*Exercise brief*. From the data below, retype exactly the lines starting with the one that contains "- by rewrite mrenameM !dmmapM" and ending with the one that contains "- by rewrite yx.", both included.

─── Data extracts ───

(* Let $d\ge2$, $0<\gamma<1$, and let $D\subset\mathbb{R}^d$ be a $C^{1+\gamma}$ domain with defining function $\Phi$. If $\delta>0$ satisfies $$\delta^\gamma\frac{\|\nabla\Phi\|_\gamma}{|\nabla\Phi|_{\inf}}\le\frac12,$$ then for each $x\in\partial D$, the set $\partial D\cap B(x,\delta)$ is, after a rotation around $x$, the graph of a $C^{1+\gamma}$ function (of $d-1$ variables), and $D\cap B(x,\delta)$ is the part of $B(x,\delta)$ lying below this graph.
   Context: A defining function is $\Phi\in C^{1+\gamma}(\mathbb{R}^d)$ with $D=\{\Phi<0\}$, $\partial D=\{\Phi=0\}$ and $\nabla\Phi\ne0$ on $\partial D$. $|\nabla\Phi|_{\inf}=\inf_{x\in\partial D}|\nabla\Phi(x)|$ and $\|\nabla\Phi\|_\gamma=\sup_{x_1\ne x_2}|\nabla\Phi(x_1)-\nabla\Phi(x_2)|/|x_1-x_2|^\gamma$. *)

From HB Require Import structures.
From mathcomp Require Import all_boot all_order all_algebra.
From mathcomp Require Import all_classical all_reals all_analysis.
Set Implicit Arguments. Unset Strict Implicit. Unset Printing Implicit Defensive.
Import Order.TTheory GRing.Theory Num.Theory.
Import numFieldNormedType.Exports.
Local Open Scope classical_set_scope.
Local Open Scope ring_scope.

Definition enorm (R : realType) (k : nat) (v : 'rV[R]_k) : R :=
  Num.sqrt (\sum_(i < k) v ord0 i ^+ 2).

Definition grad (R : realType) (k : nat) (f : 'rV[R]_k -> R) (x : 'rV[R]_k)
  : 'rV[R]_k :=
  \row_(i < k) ('D_(delta_mx 0 i) f x).

Definition C1gamma_on (R : realType) (k : nat) (U : set 'rV[R]_k) (gamma : R)
  (f : 'rV[R]_k -> R) : Prop :=
  (forall x, U x -> differentiable f x) /\
  exists H : R, forall x1 x2, U x1 -> U x2 ->
    enorm (grad f x1 - grad f x2) <= H * (enorm (x1 - x2)) `^ gamma.

Definition holder_semi (R : realType) (k : nat) (gamma : R)
  (f : 'rV[R]_k -> R) : R :=
  sup [set r | exists x1 x2 : 'rV[R]_k, x1 != x2 /\
         r = enorm (grad f x1 - grad f x2) / (enorm (x1 - x2)) `^ gamma].

(* |grad Phi|_inf = inf_{x in boundary D} |grad Phi(x)|, with boundary D = {Phi = 0} *)
Definition grad_inf (R : realType) (k : nat) (f : 'rV[R]_k -> R) : R :=
  inf [set r | exists x : 'rV[R]_k, f x = 0 /\ r = enorm (grad f x)].
(* Every x in F_i = K(a_h^xi : (xi + e_i, h) below the bound) is a quotient g(a)/h(a) of
   polynomials over K in finitely many generators a_h^xi with (xi + e_i, h) below the bound.
   Differentiating formally, D (f(a)) := sum_j (df/dx_j)(a) * a_(xi_j + e_i) + f^(d_i)(a),
   and the differential condition says exactly that D (f(a)) = 0 whenever f(a) = 0.  Hence the
   quotient rule gives a value D_i x independent of the representation, and D_i is a
   derivation extending d_i with D_i a_k^sigma = a_k^(sigma + e_i).
   If a_k^sigma is a root of a separable p over the field of its predecessors, applying D_i to
   p(a_k^sigma) = 0 gives 0 = p^(D_i)(a_k^sigma) + p'(a_k^sigma) * a_k^(sigma + e_i) with
   p'(a_k^sigma) <> 0.  As the shift by e_i preserves the order, the coefficients of
   p^(D_i) lie below (sigma + e_i, k), and so does a_k^(sigma + e_i).  Induction on
   |rho| - |sigma| then moves a separable leader up to any generator above it. *)

Lemma mpoly_ring_ind (R : nzRingType) N (P : {mpoly R[N]} -> Prop) :
  (forall c, P c%:MP) -> (forall j, P 'X_j) ->
  (forall f g, P f -> P g -> P (f + g)) -> (forall f g, P f -> P g -> P (f * g)) ->
  forall f, P f.
Proof.
move=> PC PX PD PM; elim/mpolyind => [|c mm f _ _ Pf]; first exact: (PC 0).
apply: (PD) => //; rewrite -mul_mpolyC mpolyXE_id; apply: (PM) => //.
apply: (big_ind P) => [||j _]; [exact: (PC 1) | exact: PM |].
by elim: (mm j) => [|e IHe]; [exact: (PC 1) | rewrite exprS; apply: (PM)].
Qed.

Section DerivedEvaluation.
Variables (K L : fieldType) (iota : {rmorphism K -> L}) (dd : {additive K -> L}).
Hypothesis ddM : forall x y, dd (x * y) = dd x * iota y + iota x * dd y.

Lemma dd1 : dd 1 = 0.
Proof.
have := ddM 1 1; rewrite mulr1 rmorph1 mulr1 mul1r => /eqP.
by rewrite eq_sym -subr_eq0 addrK => /eqP.
Qed.

Lemma mmapZX N (h : 'I_N -> L) c mm :
  mmap dd h (c *: 'X_[mm]) = dd c * mmap1 h mm.
Proof.
have [->|nz] := eqVneq c 0; first by rewrite scale0r mmap0 raddf0 mul0r.
by rewrite /mmap (perm_big _ (msuppZ _ nz)) msuppX big_seq1 mcoeffZ mcoeffX eqxx mulr1.
Qed.

Section FixedArity.
Variable N : nat.
Implicit Types (f g : {mpoly K[N]}) (av bv : 'I_N -> L).
Local Notation ev av := (mmap iota av).

(* Ring-morphism rules for [mmap iota av], stated so that rewriting leaves the evaluations in
   the syntactic form [mmap iota av f] rather than through the canonical rmorphism. *)
Lemma rmmapD av : {morph ev av : f g / f + g}. Proof. exact: rmorphD. Qed.
Lemma rmmapB av : {morph ev av : f g / f - g}. Proof. exact: rmorphB. Qed.
Lemma rmmapN av : {morph ev av : f / - f}. Proof. exact: rmorphN. Qed.
Lemma rmmapM av : {morph ev av : f g / f * g}. Proof. exact: rmorphM. Qed.
Lemma rmmap1 av : ev av 1 = 1. Proof. exact: rmorph1. Qed.

(* [dmmap av bv f] = sum_j (df/dx_j)(av) * bv_j + f^dd(av), where bv_j stands for the
   derivative of av_j; this is the left-hand side of the differential condition. *)
Definition dmmap av bv f : L := \sum_(j < N) ev av f^`M(j) * bv j + mmap dd av f.

Lemma mmap_ddM av f g : mmap dd av (f * g) = mmap dd av f * ev av g + ev av f * mmap dd av g.
Proof.
pose k := maxn (msize f) (msize g).
have hf : (msize f <= k)%N by rewrite leq_maxl.
have hg : (msize g <= k)%N by rewrite leq_maxr.
rewrite (mpolywME hf hg) raddf_sum /= !(mmapE k hf) !(mmapE k hg).
rewrite !big_distrlr /= !pair_big /= -big_split /=; apply: eq_bigr => -[m1 m2] _ /=.
rewrite mmapZX ddM commr_mmap1_M; last by move=> *; apply: mulrC.
by ring.
Qed.

Lemma dmmapD av bv : {morph dmmap av bv : f g / f + g}.
Proof.
move=> f g; rewrite /dmmap mmapD.
under eq_bigr do rewrite mderivD rmmapD mulrDl.
by rewrite big_split /=; ring.
Qed.

Lemma dmmapM av bv f g :
  dmmap av bv (f * g) = dmmap av bv f * ev av g + ev av f * dmmap av bv g.
Proof.
rewrite /dmmap mmap_ddM.
under eq_bigr => j _.
  rewrite mderivM rmmapD !rmmapM.
  have -> : (ev av f^`M(j) * ev av g + ev av f * ev av g^`M(j)) * bv j =
    ev av f^`M(j) * bv j * ev av g + ev av f * (ev av g^`M(j) * bv j) by ring.
  over.
by rewrite big_split /= -mulr_suml -mulr_sumr; ring.
Qed.

Lemma dmmapB av bv : {morph dmmap av bv : f g / f - g}.
Proof. by move=> f g; apply/eqP; rewrite eq_sym subr_eq -dmmapD subrK. Qed.

Lemma dmmapC av bv c : dmmap av bv c%:MP = dd c.
Proof. by rewrite /dmmap big1 ?add0r ?mmapC // => j _; rewrite mderivC mmap0 mul0r. Qed.

Lemma dmmap1 av bv : dmmap av bv 1 = 0.
Proof. by rewrite -[1]/(1%:MP) dmmapC dd1. Qed.

Lemma dmmapX av bv j : dmmap av bv 'X_j = bv j.
Proof.
rewrite /dmmap (bigD1 j) //= big1 => [|l nl]; last first.
  by rewrite mderivX mnm1E eq_sym (negbTE nl) scale0r mmap0 mul0r.
rewrite mderivX mnm1E eqxx scale1r addr0.
have -> : (U_(j) - U_(j))%MM = 0%MM by apply/mnmP=> l; rewrite mnmBE subnn mnm0E.
by rewrite mpolyX0 rmmap1 mul1r -[X in mmap _ _ X]scale1r mmapZX dd1 mul0r addr0.
Qed.

End FixedArity.

Section Renaming.
Variables (N M : nat) (phi : 'I_N -> 'I_M).

Definition mrename (f : {mpoly K[N]}) : {mpoly K[M]} :=
  comp_mpoly [tuple 'X_(phi j) | j < N] f.

Lemma mrenameC c : mrename c%:MP = c%:MP. Proof. exact: comp_mpolyC. Qed.
Lemma mrenameD : {morph mrename : f g / f + g}. Proof. exact: comp_mpolyD. Qed.
Lemma mrenameM : {morph mrename : f g / f * g}. Proof. exact: rmorphM. Qed.

Lemma mrenameX j : mrename 'X_j = 'X_(phi j).
Proof. by rewrite /mrename comp_mpolyXU -tnth_nth tnth_mktuple. Qed.

Variables (av : 'I_N -> L) (av' : 'I_M -> L).
Hypothesis av'_phi : forall j, av' (phi j) = av j.

Lemma mmap_mrename f : mmap iota av' (mrename f) = mmap iota av f.
Proof.
elim/mpoly_ring_ind: f => [c|j|f g Hf Hg|f g Hf Hg].
- by rewrite mrenameC !mmapC.
- by rewrite mrenameX !mmapX !mmap1U.
- by rewrite mrenameD !rmmapD Hf Hg.
- by rewrite mrenameM !rmmapM Hf Hg.
Qed.

Variables (bv : 'I_N -> L) (bv' : 'I_M -> L).
Hypothesis bv'_phi : forall j, bv' (phi j) = bv j.

Lemma dmmap_mrename f : dmmap av' bv' (mrename f) = dmmap av bv f.
Proof.
elim/mpoly_ring_ind: f => [c|j|f g Hf Hg|f g Hf Hg].
- by rewrite mrenameC !dmmapC.
- by rewrite mrenameX !dmmapX.
- by rewrite mrenameD !dmmapD Hf Hg.
- by rewrite mrenameM !dmmapM Hf Hg !mmap_mrename.
Qed.

End Renaming.
End DerivedEvaluation.

Section IndexOrder.
Variables m n : nat.
Implicit Types (p q r : idx m n) (s t u : seq nat).

Lemma lexle_refl s : lexle s s.
Proof. by elim: s => //= x s ->; rewrite eqxx orbT. Qed.

Lemma lexle_trans : transitive lexle.
Proof.
move=> t s u; elim: s t u => [//|x s IH] [//|y t] [//|z u] /=.
case/orP=> [yx|/andP[/eqP<- ts]]; case/orP=> [xz|/andP[/eqP<- su]].
- by rewrite (ltn_trans yx xz).
- by rewrite yx.
- by rewrite xz.
- by rewrite eqxx (IH _ _ ts su) orbT.
Qed.

Lemma lexle_total : total lexle.
Proof.
elim=> [//|x s IH] [|y t] //=.
by case: (ltngtP x y) => //= ->; rewrite IH.
Qed.

Definition addseq s t := [seq x.1 + x.2 | x <- zip s t]%N.

Lemma lexle_addseq2r c s t : size s = size c -> size t = size c ->
  lexle (addseq s c) (addseq t c) = lexle s t.
Proof.
elim: c s t => [|z c IH] [|x s] [|y t] //= [hs] [ht].
by rewrite ltn_add2r eqn_add2r IH.
Qed.

Lemma mabs_maddeps (s : mindex m) i : mabs (maddeps s i) = (mabs s).+1.
Proof.
rewrite /mabs (eq_bigr (fun j => s j + meps i j)%N) => [|j _]; last by rewrite ffunE.
rewrite big_split /= -addn1; congr (_ + _)%N.
by rewrite (bigD1 i) //= ffunE eqxx big1 // => j nj; rewrite ffunE (negbTE nj).
Qed.

Definition eps_key (i : 'I_m) : seq nat :=
  [:: 1%N, 0%N & [seq nat_of_bool (j == i) | j <- take m.-1 (enum 'I_m)]].

Lemma idx_key_shift p i : idx_key (maddeps p.1 i, p.2) = addseq (idx_key p) (eps_key i).
Proof.
rewrite /idx_key /eps_key /= mabs_maddeps /addseq /= addn0 addn1; congr [:: _, _ & _].
by elim: (take _ _) => //= j l ->; rewrite /maddeps /meps !ffunE.
Qed.

Lemma idx_le_shift p q i :
  idx_le (maddeps p.1 i, p.2) (maddeps q.1 i, q.2) = idx_le p q.
Proof. by rewrite /idx_le !idx_key_shift lexle_addseq2r // /idx_key /eps_key /= !size_map. Qed.

Lemma idx_lt_shift p q i :
  idx_lt (maddeps p.1 i, p.2) (maddeps q.1 i, q.2) = idx_lt p q.
Proof. by rewrite /idx_lt !idx_le_shift. Qed.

───

*Response to the exercise*.
- by rewrite mrenameM !dmmapM Hf Hg !mmap_mrename.
Qed.

End Renaming.
End DerivedEvaluation.

Section IndexOrder.
Variables m n : nat.
Implicit Types (p q r : idx m n) (s t u : seq nat).

Lemma lexle_refl s : lexle s s.
Proof. by elim: s => //= x s ->; rewrite eqxx orbT. Qed.

Lemma lexle_trans : transitive lexle.
Proof.
move=> t s u; elim: s t u => [//|x s IH] [//|y t] [//|z u] /=.
case/orP=> [yx|/andP[/eqP<- ts]]; case/orP=> [xz|/andP[/eqP<- su]].
- by rewrite (ltn_trans yx xz).
- by rewrite yx.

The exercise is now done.